One rule of thumb in economics is that when supply falls and demand rises, prices soar – that’s what we’re seeing here.
But Australian motorists have another factor to worry about: The promotional cycles across large east coast markets, including Sydney, Melbourne and Brisbane.
Basically, petrol prices in these markets fluctuate wildly from month to month, as large retailers push up prices before independents drive them back downwards.
But unfortunately for motorists, prices spend more time at the peak than they do at the through.
This means although the general trend for petrol prices this summer is upwards (due to rising oil prices), most Australian motorists will also face wild fluctuations that could cost them even more to fill up their vehicles.
You can see this in the below graph. Basically, the peaks and troughs of the pricing cycles rise over time.
How to shop around for petrol
Australia’s wild price swings make shopping around all the more important, particularly when oil prices are already squeezing household budgets.
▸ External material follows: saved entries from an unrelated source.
(* For every $1\le q\le\infty$, the pair $(\ell_2^2(\mathbb{R}),\ell_q^2(\mathbb{R}))$ fails the uniform sBPBp.
   Context: $\ell_p^2(\mathbb{R})$ denotes $\mathbb{R}^2$ with the norm $\|(x,y)\|_p=(|x|^p+|y|^p)^{1/p}$ for $p<\infty$ and $\|(x,y)\|_\infty=\max\{|x|,|y|\}$; $S_X$ is the unit sphere of $X$ and $\mathcal{L}(X,Y)$ the bounded linear operators. A pair of Banach spaces $(X,Y)$ has the uniform strong Bishop–Phelps–Bollobás property (uniform sBPBp) if for every $\varepsilon>0$ there exists $\eta(\varepsilon)>0$ such that whenever $T\in\mathcal{L}(X,Y)$ with $\|T\|=1$ and $x_0\in S_X$ satisfy $\|T(x_0)\|>1-\eta(\varepsilon)$, there exists $x_1\in S_X$ with $\|T(x_1)\|=1$ and $\|x_1-x_0\|<\varepsilon$. *)

From Stdlib Require Import Reals Lra.
Open Scope R_scope.

Inductive exponent : Type :=
| Fin : R -> exponent
| Inf : exponent.

Definition valid_exponent (p : exponent) : Prop :=
  match p with Fin r => 1 <= r | Inf => True end.

(* a^b for a >= 0, b > 0, with 0^b = 0 (Stdlib's Rpower 0 b is 1). *)
Definition rpow (a b : R) : R :=
  if Rlt_dec 0 a then Rpower a b else 0.

Definition pnorm (p : exponent) (v : R * R) : R :=
  match p with
  | Fin r => rpow (rpow (Rabs (fst v)) r + rpow (Rabs (snd v)) r) (1 / r)
  | Inf => Rmax (Rabs (fst v)) (Rabs (snd v))
  end.

Definition vsub (u v : R * R) : R * R := (fst u - fst v, snd u - snd v).
Definition vadd (u v : R * R) : R * R := (fst u + fst v, snd u + snd v).
Definition vscal (a : R) (v : R * R) : R * R := (a * fst v, a * snd v).

(* Linear maps R^2 -> R^2 (all are bounded, R^2 being finite-dimensional). *)
Definition is_linear (T : R * R -> R * R) : Prop :=
  (forall u v, T (vadd u v) = vadd (T u) (T v)) /\
  (forall a v, T (vscal a v) = vscal a (T v)).

Definition opnorm_eq (p q : exponent) (T : R * R -> R * R) (c : R) : Prop :=
  is_lub (fun t => exists x, pnorm p x = 1 /\ t = pnorm q (T x)) c.

Definition uniform_sBPBp (p q : exponent) : Prop :=
  forall eps : R, 0 < eps ->
  exists eta : R, 0 < eta /\
    forall (T : R * R -> R * R) (x0 : R * R),
      is_linear T -> opnorm_eq p q T 1 ->
      pnorm p x0 = 1 -> pnorm q (T x0) > 1 - eta ->
      exists x1 : R * R,
        pnorm p x1 = 1 /\ pnorm q (T x1) = 1 /\ pnorm p (vsub x1 x0) < eps.

(** Let [M] be the norm of the identity [l_2^2 -> l_q^2]. A uniform sBPBp
    forces every norm-one operator to attain its norm, so applied to the
    identity scaled by [1/M] it yields a Euclidean unit vector [u] with
    [||u||_q = M]. Let [w] be [u] rotated by a right angle; the operator
    [T v = (v - d <v, w> w) / M] has norm one (attained at [u]) and
    [||T w||_q = 1 - d], which is arbitrarily close to 1. But [T] attains its
    norm only at unit vectors orthogonal to [w], i.e. at [+-u], whose distance
    to [w] is [sqrt 2]. *)
From Stdlib Require Import Reals Lra Classical.
Open Scope R_scope.

Definition dot (u v : R * R) : R := fst u * fst v + snd u * snd v.

Definition rot (v : R * R) : R * R := (snd v, - fst v).

Definition damp (d : R) (w v : R * R) : R * R := vsub v (vscal (d * dot v w) w).

Lemma Rpower_1_l x : Rpower 1 x = 1.
Proof. unfold Rpower. rewrite ln_1, Rmult_0_r. apply exp_0. Qed.

Lemma rpow_ge0 a b : 0 <= rpow a b.
Proof. unfold rpow. destruct (Rlt_dec 0 a); [left; apply exp_pos | lra]. Qed.

Lemma rpow_0 b : rpow 0 b = 0.
Proof. unfold rpow. destruct (Rlt_dec 0 0); lra. Qed.

Lemma rpow_1_l b : rpow 1 b = 1.
Proof. unfold rpow. destruct (Rlt_dec 0 1); [apply Rpower_1_l | lra]. Qed.

Lemma rpow_mul k a s : 0 < k -> 0 <= a -> rpow (k * a) s = Rpower k s * rpow a s.
Proof.
  intros Hk Ha. destruct (Req_dec a 0) as [->|Ha0].
  - rewrite Rmult_0_r, !rpow_0. ring.
  - assert (Hka : 0 < k * a) by (apply Rmult_lt_0_compat; lra).
    unfold rpow. destruct (Rlt_dec 0 (k * a)); destruct (Rlt_dec 0 a); try lra.
    symmetry; apply Rpower_mult_distr; lra.
Qed.

Lemma rpow_Rabs_2 a : rpow (Rabs a) 2 = a * a.
Proof.
  unfold rpow. destruct (Rlt_dec 0 (Rabs a)) as [Ha|Ha].
  - replace 2 with (INR 2) by (simpl; ring). rewrite Rpower_pow by auto.
    simpl. rewrite Rmult_1_r, <- Rabs_mult. apply Rabs_right. nra.
  - assert (a = 0) as -> by (destruct (Req_dec a 0); auto; exfalso; apply Ha, Rabs_pos_lt; auto).
    ring.
Qed.

Lemma rpow_Rabs_le1 a r : 0 <= r -> Rabs a <= 1 -> rpow (Rabs a) r <= 1.
Proof.
  intros Hr Ha. unfold rpow. destruct (Rlt_dec 0 (Rabs a)); [|lra].
  rewrite <- (Rpower_1_l r). apply Rle_Rpower_l; lra.
Qed.

Lemma pnorm_scal q c v : valid_exponent q -> pnorm q (vscal c v) = Rabs c * pnorm q v.
Proof.
  destruct v as [x y], q as [r|]; simpl; intros Hr; rewrite !Rabs_mult.
  - destruct (Req_dec c 0) as [->|Hc].
    { rewrite Rabs_R0, !Rmult_0_l, !rpow_0, Rplus_0_r, rpow_0. ring. }
    assert (Hk : 0 < Rabs c) by (apply Rabs_pos_lt; auto).
    pose proof (rpow_ge0 (Rabs x) r); pose proof (rpow_ge0 (Rabs y) r).
    rewrite !rpow_mul, <- Rmult_plus_distr_l, rpow_mul by (first [apply Rabs_pos | apply exp_pos | lra]).
    rewrite Rpower_mult. replace (r * (1 / r)) with 1 by (field; lra).
    now rewrite Rpower_1.
  - apply RmaxRmult, Rabs_pos.
Qed.

Lemma pnorm_Fin2 v : pnorm (Fin 2) v = sqrt (dot v v).
Proof.
  destruct v as [x y]. unfold dot; simpl. rewrite !rpow_Rabs_2. unfold rpow.
  destruct (Rlt_dec 0 (x * x + y * y)).
  - replace (1 / 2) with (/ 2) by field. now apply Rpower_sqrt.
  - replace (x * x + y * y) with 0 by nra. now rewrite sqrt_0.
Qed.

Lemma pnorm_Fin2_eq1 v : pnorm (Fin 2) v = 1 <-> dot v v = 1.
Proof.
  rewrite pnorm_Fin2. split; intros H.
  - assert (0 <= dot v v) by (unfold dot; nra).
    rewrite <- (sqrt_sqrt (dot v v)), H by auto. ring.
  - now rewrite H, sqrt_1.
Qed.

Lemma pnorm_rot q v : pnorm q (rot v) = pnorm q v.
Proof. destruct q; simpl; rewrite Rabs_Ropp; [f_equal; ring | apply Rmax_comm]. Qed.

Lemma pnorm_e1 q : valid_exponent q -> pnorm q (1, 0) = 1.
Proof.
  destruct q as [r|]; simpl; intros Hr; rewrite Rabs_R0, Rabs_R1.
  - now rewrite rpow_0, Rplus_0_r, !rpow_1_l.
  - unfold Rmax; destruct (Rle_dec 1 0); lra.
Qed.

Lemma pnorm_le2_of_unit q v : valid_exponent q -> dot v v = 1 -> pnorm q v <= 2.
Proof.
  destruct v as [x y]; unfold dot; simpl. intros Hq Hxy.
  assert (Hx : Rabs x <= 1) by (apply Rabs_le; nra).
  assert (Hy : Rabs y <= 1) by (apply Rabs_le; nra).
  destruct q as [r|]; simpl in *.
  - pose proof (rpow_Rabs_le1 x r ltac:(lra) Hx).
    pose proof (rpow_Rabs_le1 y r ltac:(lra) Hy).
    set (S := rpow (Rabs x) r + rpow (Rabs y) r).
    unfold rpow at 1. destruct (Rlt_dec 0 S); [|lra].
    apply Rle_trans with (Rpower 2 (1 / r)).
    + apply Rle_Rpower_l; [apply Rlt_le, Rdiv_lt_0_compat; lra | split; [lra | unfold S; lra]].
    + rewrite <- (Rpower_1 2) at 2 by lra. apply Rle_Rpower; [lra|].
      apply Rmult_le_reg_r with r; [lra|]. replace (1 / r * r) with 1 by (field; lra). lra.
  - unfold Rmax; destruct (Rle_dec _ _); lra.
Qed.

Lemma pnorm_le_of_unit_bound q M v : valid_exponent q ->
  (forall x, pnorm (Fin 2) x = 1 -> pnorm q x <= M) ->
  pnorm q v <= M * pnorm (Fin 2) v.
Proof.
  intros Hq HM. rewrite (pnorm_Fin2 v). set (n := sqrt (dot v v)).
  assert (Hvv : 0 <= dot v v) by (unfold dot; nra).
  assert (Hn : n * n = dot v v) by (apply sqrt_sqrt; auto).
  destruct (Req_dec n 0) as [H0|H0].
  - assert (v = vscal 0 v) as ->.
    { destruct v as [x y]; unfold dot in Hn; simpl in Hn.
      unfold vscal; simpl; f_equal; nra. }
    rewrite pnorm_scal, Rabs_R0 by auto. rewrite H0. lra.
  - assert (Hnp : 0 < n) by (pose proof (sqrt_pos (dot v v)); unfold n in *; lra).
    assert (Hv : v = vscal n (vscal (/ n) v)).
    { destruct v; unfold vscal; simpl; f_equal; field; lra. }
    assert (Hu : pnorm (Fin 2) (vscal (/ n) v) = 1).
    { rewrite pnorm_scal, pnorm_Fin2 by (simpl; lra). fold n.
      rewrite Rabs_right by (apply Rle_ge, Rlt_le, Rinv_0_lt_compat; lra). field; lra. }
    rewrite Hv, pnorm_scal, Rabs_right by (auto; lra).
    pose proof (HM _ Hu). nra.
Qed.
Luckily, there are ways to avoid the worst of the pain and save hundreds of dollars a year on your fuel bill.
The first step is to take advantage of market diversity. Just because the average petrol price in your city is rising doesn’t mean there are no retailers offering prices below the average price.
The trick is finding the right place to fill up. And for that, you can turn to the one of many fuel price comparison apps available free of charge.
The National Road Motorists Association (NRMA) and fuel tracking companies Motormouth and Fueltrac all run their own apps, with ACCC research finding they can help save motorists up to $520 on their annual petrol bill.
The next step to saving money at the bowser is understanding what type of retailers to fill up with. ACCC research has shown that small, independent petrol retailers are often cheaper than the larger ones.
And the price gap is not small. In fact, those who shop exclusively with small retailers can save about $350 annually, according to the ACCC.